• WORK TASK: Only certain lines below are wanted: those starting at the line containing "by have /forall_inP/(_" and ending at the line containing "have [aij ajk", both included, each retyped exactly.

• RECORDS FOR THE EXERCISE:
Content starts
(* Let $A$ be a real $n\times n$ matrix with strictly negative diagonal, sign matrix $\mathcal{E}_A=(\epsilon_{ij})$, connectivity graph $G_A$ and clique complex $X(G_A)$. Suppose (i) $\epsilon_{ij}\epsilon_{ji}=1$ whenever $\{i,j\}$ ($i\neq j$) is a clique of $X(G_A)$; (ii) $\epsilon_{ij}\epsilon_{jk}\epsilon_{ki}=-1$ whenever $\{i,j,k\}$ (distinct) is a clique of $X(G_A)$; and (iii) $H^1(X(G_A);\mathbb{Z}_2)=0$. Then $A$ is a bipartite matrix.
   Context: The sign matrix $\mathcal{E}_A=(\epsilon_{ij})$ has $\epsilon_{ij}\in\{1,-1,0\}$ equal to the sign of $A_{ij}$. The connectivity graph $G_A$ is the simple graph on $\{1,\dots,n\}$ containing edge $(ij)$, $i\ne j$, unless $A_{ij}=A_{ji}=0$. $X(G_A)$ is its clique complex: the abstract simplicial complex whose simplices are the cliques (sets of pairwise adjacent vertices); cohomology is simplicial cohomology. A real $n\times n$ matrix $A$ is bipartite if $\{1,\dots,n\}$ can be partitioned into disjoint sets $\sigma,\bar\sigma$ such that: if $i\in\sigma,j\in\bar\sigma$ then $A_{ij}\ge0$ and $A_{ji}\ge0$; and if $i,j\in\sigma$ or $i,j\in\bar\sigma$ then $A_{ij}\le0$ and $A_{ji}\le0$. *)

From HB Require Import structures.
From mathcomp Require Import all_boot all_order all_algebra.
Set Implicit Arguments. Unset Strict Implicit. Unset Printing Implicit Defensive.
Import Order.TTheory GRing.Theory Num.Theory.
Local Open Scope ring_scope.

Section Defs.
Variables (R : realFieldType) (n : nat).

Definition eps (A : 'M[R]_n) (i j : 'I_n) : R := Num.sg (A i j).

Definition adjA (A : 'M[R]_n) (i j : 'I_n) : bool :=
  (i != j) && ((A i j != 0) || (A j i != 0)).

(* cliques of G_A = simplices of the clique complex X(G_A) *)
Definition clique (A : 'M[R]_n) (s : {set 'I_n}) : bool :=
  [forall i in s, forall j in s, (i != j) ==> adjA A i j].

Definition simplex (A : 'M[R]_n) (k : nat) (s : {set 'I_n}) : bool :=
  clique A s && (#|s| == k.+1)%N.

(* Z_2-valued cochains: functions on vertex sets (only values on simplices
   matter). Simplicial coboundary with Z_2 coefficients (signs irrelevant):
   (delta c)(s) = sum over codimension-one faces s \ {v}. *)
Definition coboundary (c : {set 'I_n} -> 'Z_2) (s : {set 'I_n}) : 'Z_2 :=
  \sum_(v in s) c (s :\ v).

Definition H1_Z2_trivial (A : 'M[R]_n) : Prop :=
  forall c : {set 'I_n} -> 'Z_2,
    (forall s, simplex A 2 s -> coboundary c s = 0) ->
    exists f : {set 'I_n} -> 'Z_2,
      forall s, simplex A 1 s -> c s = coboundary f s.

Definition bipartite (A : 'M[R]_n) : Prop :=
  exists sigma : {set 'I_n},
    forall i j : 'I_n,
      ((i \in sigma) != (j \in sigma) -> 0 <= A i j /\ 0 <= A j i) /\
      ((i \in sigma) = (j \in sigma) -> A i j <= 0 /\ A j i <= 0).

End Defs.

From HB Require Import structures.
From mathcomp Require Import all_boot all_order all_algebra.
Import Order.TTheory GRing.Theory Num.Theory.
Set Implicit Arguments. Unset Strict Implicit.
Local Open Scope ring_scope.

(* Assign to each edge {i, j} of G_A the class [A_ij > 0] in Z_2 (well defined by (i)).
   By (ii) every triangle has an odd number of negative edges, hence an even number of
   positive ones, so this is a 1-cocycle.  By (iii) it is the coboundary of a 0-cochain f,
   i.e. an edge is positive exactly when f differs at its endpoints; the level sets of f
   give the bipartition, non-edges carry zero entries and the diagonal is negative. *)

Lemma natrZ2_addb (a b : bool) : a%:R + b%:R = (a (+) b)%:R :> 'Z_2.
Proof. by case: a; case: b; apply/val_inj. Qed.

Lemma natrZ2_inj : injective (fun b : bool => b%:R : 'Z_2).
Proof. by case; case=> // /eqP. Qed.

Lemma Z2_natr_eq1 (x : 'Z_2) : x = (x == 1)%:R.
Proof. by case: x => [[|[|m]] //] ltx; apply/val_inj. Qed.

Lemma cards3_triple (T : finType) (s : {set T}) : #|s| = 3%N ->
  exists x y z, [/\ x != y, y != z, x != z & s = [set x; y; z]].
Proof.
move=> s3; have [x xs] : {x | x \in s} by apply/sigW/set0Pn; rewrite -card_gt0 s3.
have /cards2P [y [z [yz sxE]]] : #|s :\ x| == 2%N.
  by move: s3; rewrite (cardsD1 x) xs add1n => -[->].
have : (y \in s :\ x) && (z \in s :\ x) by rewrite sxE !inE !eqxx orbT.
rewrite !inE => /andP [/andP [yx _] /andP [zx _]].
exists x, y, z; split; [by rewrite eq_sym | by [] | by rewrite eq_sym |].
by rewrite -(setD1K xs) sxE setUA.
Qed.

Section Signs.
Variable R : realDomainType.

Lemma neq0_lt0r (x : R) : x != 0 -> (0 < x) = ~~ (x < 0).
Proof. by move=> x0; rewrite lt0r x0 leNgt. Qed.

Lemma sgrM_eq1 (x y : R) : Num.sg x * Num.sg y = 1 ->
  x != 0 /\ (0 < y) = (0 < x).
Proof.
rewrite -sgrM => /eqP; rewrite sgr_cp0 lt0r mulf_eq0 negb_or leNgt => /andP [].
case/andP=> x0 y0; rewrite neq0_mulr_lt0 // negb_add => /eqP xy.
by rewrite !neq0_lt0r // xy.
Qed.

Lemma sgrM3_eqN1 (x y z : R) : x != 0 -> y != 0 -> z != 0 ->
  Num.sg x * Num.sg y * Num.sg z = -1 -> (0 < x) (+) (0 < y) (+) (0 < z) = false.
Proof.
move=> x0 y0 z0; rewrite -!sgrM => /eqP; rewrite sgr_cp0.
rewrite !neq0_mulr_lt0 ?mulf_neq0 // !neq0_lt0r //.
by rewrite !(addNb, addbN) !negbK => ->.
Qed.

End Signs.

Section Coboundary.
Variable n : nat.
Implicit Types (c : {set 'I_n} -> 'Z_2) (i j k : 'I_n).

Lemma coboundary2 c i j : i != j -> coboundary c [set i; j] = c [set i] + c [set j].
Proof.
move=> ij; rewrite /coboundary big_setU1 ?big_set1 ?inE //= setU1K ?inE // addrC.
congr (c _ + _); apply/setP=> v.
by rewrite !inE andb_orr andNb orbF andb_idl // => /eqP->.
Qed.

Lemma coboundary3 c i j k : i != j -> j != k -> i != k ->
  coboundary c [set i; j; k] = c [set j; k] + c [set i; k] + c [set i; j].
Proof.
move=> ij jk ik; have -> : [set i; j; k] = i |: (j |: [set k]).
  by apply/setP=> v; rewrite !inE orbA.
rewrite /coboundary big_setU1 ?big_setU1 ?big_set1 ?inE ?negb_or ?ij ?ik ?jk //= addrA.
congr (c _ + c _ + c _); apply/setP=> v; rewrite !inE;
  case: (eqVneq v i) => [->|vi]; rewrite ?eqxx ?(negbTE ij) ?(negbTE ik) //=;
  case: (eqVneq v j) => [->|vj]; rewrite ?eqxx ?(negbTE jk) ?(negbTE vi) //= ?orbF //.
exact: andNb.
Qed.

End Coboundary.

Section SignedGraph.
Variables (R : realFieldType) (n : nat) (A : 'M[R]_n).
Implicit Types (i j k : 'I_n) (s : {set 'I_n}).

Lemma adjA_sym i j : adjA A i j = adjA A j i.
Proof. by rewrite /adjA eq_sym orbC. Qed.

Lemma clique_adjA s i j : clique A s -> i \in s -> j \in s -> i != j -> adjA A i j.
Proof.
move=> /forall_inP cl si sj ij.
by have /forall_inP/(_ j sj)/implyP := cl i si; apply.
Qed.

Lemma clique2 i j : adjA A i j -> clique A [set i; j].
Proof.
move=> aij; apply/forall_inP=> x; rewrite !inE => x_ij.
apply/forall_inP=> y; rewrite !inE => y_ij; apply/implyP.
by case/orP: x_ij => /eqP->; case/orP: y_ij => /eqP->; rewrite ?eqxx // adjA_sym.
Qed.

Definition pos_cochain s : 'Z_2 :=
  [exists x in s, exists y in s, (x != y) && (0 < A x y)]%:R.

Hypothesis eps_sym : forall i j, i != j -> clique A [set i; j] ->
  eps A i j * eps A j i = 1.

Lemma adjA_sign i j : i != j -> adjA A i j ->
  A i j != 0 /\ (0 < A j i) = (0 < A i j).
Proof. by move=> ij aij; apply: sgrM_eq1; apply: eps_sym => //; apply: clique2. Qed.

Lemma pos_cochain2 i j : i != j -> adjA A i j ->
  pos_cochain [set i; j] = (0 < A i j)%R%:R.
Proof.
move=> ij aij; have [_ ji_ij] := adjA_sign ij aij.
apply: (congr1 (fun b : bool => b%:R)); apply/idP/idP.
- case/exists_inP=> x; rewrite !inE => x_ij /exists_inP [y]; rewrite !inE => y_ij.
  case/orP: x_ij => /eqP->; case/orP: y_ij => /eqP->;
  by rewrite ?eqxx ?ji_ij // => /andP[].
- move=> pij; apply/exists_inP; exists i; rewrite ?inE ?eqxx //.
  by apply/exists_inP; exists j; rewrite ?inE ?eqxx ?orbT // ij.
Qed.

Hypothesis eps_triangle : forall i j k, i != j -> j != k -> i != k ->
  clique A [set i; j; k] -> eps A i j * eps A j k * eps A k i = -1.

Lemma pos_cochain_cocycle s : simplex A 2 s -> coboundary pos_cochain s = 0.
Proof.
case/andP=> cl /eqP/cards3_triple [i [j [k [ij jk ik sE]]]]; rewrite {}sE in cl *.
have [aij ajk aik] : [/\ adjA A i j, adjA A j k & adjA A i k].
  by split; apply: (clique_adjA cl); rewrite ?inE ?eqxx ?orbT ?orTb.
have [nz_ij _] := adjA_sign ij aij.
have [nz_jk _] := adjA_sign jk ajk.
have ki : k != i by rewrite eq_sym.
have [nz_ki pik] := adjA_sign ki (etrans (adjA_sym k i) aik).
have tri := sgrM3_eqN1 nz_ij nz_jk nz_ki (eps_triangle ij jk ik cl).
rewrite coboundary3 // (pos_cochain2 jk ajk) (pos_cochain2 ik aik).
by rewrite (pos_cochain2 ij aij) !natrZ2_addb pik addbC addbA tri.
Qed.

Hypothesis diag_neg : forall i, A i i < 0.

Lemma bipartite_of_coboundary (f : {set 'I_n} -> 'Z_2) :
  (forall s, simplex A 1 s -> pos_cochain s = coboundary f s) -> bipartite A.
Proof.
move=> pos_f; exists [set x | f [set x] == 1] => i j; rewrite !inE.
have [<-|ij] := eqVneq i j; first by split=> [|_]; rewrite ?eqxx // ltW.
have [aij|naij] := boolP (adjA A i j); last first.
  by move: naij; rewrite /adjA ij negb_or !negbK => /andP[/eqP-> /eqP->].
have [_ pji] := adjA_sign ij aij.
have cross : (0 < A i j) = (f [set i] == 1) (+) (f [set j] == 1).
  apply: natrZ2_inj; rewrite /= -natrZ2_addb -!Z2_natr_eq1 -coboundary2 //.
  by rewrite -pos_cochain2 // pos_f // /simplex clique2 // cards2 ij.
rewrite negb_eqb -cross; split=> [pij | same_side]; first by rewrite !ltW // pji.
by rewrite !leNgt pji cross same_side addbb.
Qed.

End SignedGraph.

Theorem mainTheorem7 (R : realFieldType) (n : nat) (A : 'M[R]_n) :
  (forall i : 'I_n, A i i < 0) ->
  (forall i j : 'I_n, i != j -> clique A [set i; j] ->
     eps A i j * eps A j i = 1) ->
  (forall i j k : 'I_n, i != j -> j != k -> i != k ->
     clique A [set i; j; k] ->
     eps A i j * eps A j k * eps A k i = -1) ->
  H1_Z2_trivial A ->
  bipartite A.
Proof.
move=> diag_neg eps_sym eps_triangle H1_trivial.
have [f pos_f] := H1_trivial _ (pos_cochain_cocycle eps_sym eps_triangle).
exact: (bipartite_of_coboundary eps_sym diag_neg pos_f).
Qed.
Content ends
• TASK OUTPUT:
by have /forall_inP/(_ j sj)/implyP := cl i si; apply.
Qed.

Lemma clique2 i j : adjA A i j -> clique A [set i; j].
Proof.
move=> aij; apply/forall_inP=> x; rewrite !inE => x_ij.
apply/forall_inP=> y; rewrite !inE => y_ij; apply/implyP.
by case/orP: x_ij => /eqP->; case/orP: y_ij => /eqP->; rewrite ?eqxx // adjA_sym.
Qed.

Definition pos_cochain s : 'Z_2 :=
  [exists x in s, exists y in s, (x != y) && (0 < A x y)]%:R.

Hypothesis eps_sym : forall i j, i != j -> clique A [set i; j] ->
  eps A i j * eps A j i = 1.

Lemma adjA_sign i j : i != j -> adjA A i j ->
  A i j != 0 /\ (0 < A j i) = (0 < A i j).
Proof. by move=> ij aij; apply: sgrM_eq1; apply: eps_sym => //; apply: clique2. Qed.

Lemma pos_cochain2 i j : i != j -> adjA A i j ->
  pos_cochain [set i; j] = (0 < A i j)%R%:R.
Proof.
move=> ij aij; have [_ ji_ij] := adjA_sign ij aij.
apply: (congr1 (fun b : bool => b%:R)); apply/idP/idP.
- case/exists_inP=> x; rewrite !inE => x_ij /exists_inP [y]; rewrite !inE => y_ij.
  case/orP: x_ij => /eqP->; case/orP: y_ij => /eqP->;
  by rewrite ?eqxx ?ji_ij // => /andP[].
- move=> pij; apply/exists_inP; exists i; rewrite ?inE ?eqxx //.
  by apply/exists_inP; exists j; rewrite ?inE ?eqxx ?orbT // ij.
Qed.

Hypothesis eps_triangle : forall i j k, i != j -> j != k -> i != k ->
  clique A [set i; j; k] -> eps A i j * eps A j k * eps A k i = -1.

Lemma pos_cochain_cocycle s : simplex A 2 s -> coboundary pos_cochain s = 0.
Proof.
case/andP=> cl /eqP/cards3_triple [i [j [k [ij jk ik sE]]]]; rewrite {}sE in cl *.
have [aij ajk aik] : [/\ adjA A i j, adjA A j k & adjA A i k].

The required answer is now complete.